═════ INPUT MATERIAL

Definition Psi (v : rat) : seq rat := [seq v * lpow p.1 + (p.2)%:R | p <- PL].

Definition pi_val (q : rat) (p : nat * nat) : rat := (q - (p.2)%:R) / lpow p.1.

Definition piL (q : rat) : rat :=
  foldr Num.max (pi_val q (head (0%N, 0%N) PL)) [seq pi_val q p | p <- PL].

Fixpoint Vi (k : nat) : seq rat :=
  match k with
  | 0 => [seq - mu | mu <- slopesL]
  | k'.+1 => undup (flatten [seq [seq piL q | q <- Psi v] | v <- Vi k'])
  end.

Definition inV (w : rat) : Prop := exists k, w \in Vi k.

Definition is_min (S : rat -> Prop) (m : rat) : Prop :=
  S m /\ forall x, S x -> m <= x.

(* eps(v) = e (finite case): e = min {w in V : w > v} - v.
   (eps(v) = +oo when no such w exists; then no e satisfies is_eps v e.) *)
Definition is_eps (v e : rat) : Prop :=
  is_min (fun x => exists w, inV w /\ v < w /\ x = w - v) e.

Definition is_tau (d : nat) (tau : rat) : Prop :=
  is_min (fun x => x = ((d * l ^ n)%N%:R)^-1 \/
                   exists2 mu, mu \in slopesL & is_eps (- mu) x) tau.

Fixpoint Ri (E : seq rat) (k : nat) (v : rat) : Prop :=
  match k with
  | 0 => v \in E \/ - v \in slopesL
  | k'.+1 => inV v /\ exists2 q, q \in Psi v & Ri E k' (piL q)
  end.

Definition inR (E : seq rat) (v : rat) : Prop := exists k, Ri E k v.

End Mahler.

From Pilot Require Import Defs.
From HB Require Import structures.
From mathcomp Require Import all_boot all_order all_algebra.
From mathcomp Require Import ring lra zify.
From Stdlib Require Import Classical ClassicalEpsilon Wf_nat.
Set Implicit Arguments. Unset Strict Implicit. Unset Printing Implicit Defensive.
Import Order.TTheory GRing.Theory Num.Theory.
Local Open Scope ring_scope.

══════════

PROBLEM DETAILS: Give each entry again, spelled exactly as shown.

EXERCISE ANSWER:
Definition Psi (v : rat) : seq rat := [seq v * lpow p.1 + (p.2)%:R | p <- PL].

Definition pi_val (q : rat) (p : nat * nat) : rat := (q - (p.2)%:R) / lpow p.1.

Definition piL (q : rat) : rat :=
  foldr Num.max (pi_val q (head (0%N, 0%N) PL)) [seq pi_val q p | p <- PL].

Fixpoint Vi (k : nat) : seq rat :=
  match k with
  | 0 => [seq - mu | mu <- slopesL]
  | k'.+1 => undup (flatten [seq [seq piL q | q <- Psi v] | v <- Vi k'])
  end.

Definition inV (w : rat) : Prop := exists k, w \in Vi k.

Definition is_min (S : rat -> Prop) (m : rat) : Prop :=
  S m /\ forall x, S x -> m <= x.

(* eps(v) = e (finite case): e = min {w in V : w > v} - v.
   (eps(v) = +oo when no such w exists; then no e satisfies is_eps v e.) *)
Definition is_eps (v e : rat) : Prop :=
  is_min (fun x => exists w, inV w /\ v < w /\ x = w - v) e.

Definition is_tau (d : nat) (tau : rat) : Prop :=
  is_min (fun x => x = ((d * l ^ n)%N%:R)^-1 \/
                   exists2 mu, mu \in slopesL & is_eps (- mu) x) tau.

Fixpoint Ri (E : seq rat) (k : nat) (v : rat) : Prop :=
  match k with
  | 0 => v \in E \/ - v \in slopesL
  | k'.+1 => inV v /\ exists2 q, q \in Psi v & Ri E k' (piL q)
  end.

Definition inR (E : seq rat) (v : rat) : Prop := exists k, Ri E k v.

End Mahler.

From Pilot Require Import Defs.
From HB Require Import structures.
From mathcomp Require Import all_boot all_order all_algebra.
From mathcomp Require Import ring lra zify.
From Stdlib Require Import Classical ClassicalEpsilon Wf_nat.
Set Implicit Arguments. Unset Strict Implicit. Unset Printing Implicit Defensive.
Import Order.TTheory GRing.Theory Num.Theory.
Local Open Scope ring_scope.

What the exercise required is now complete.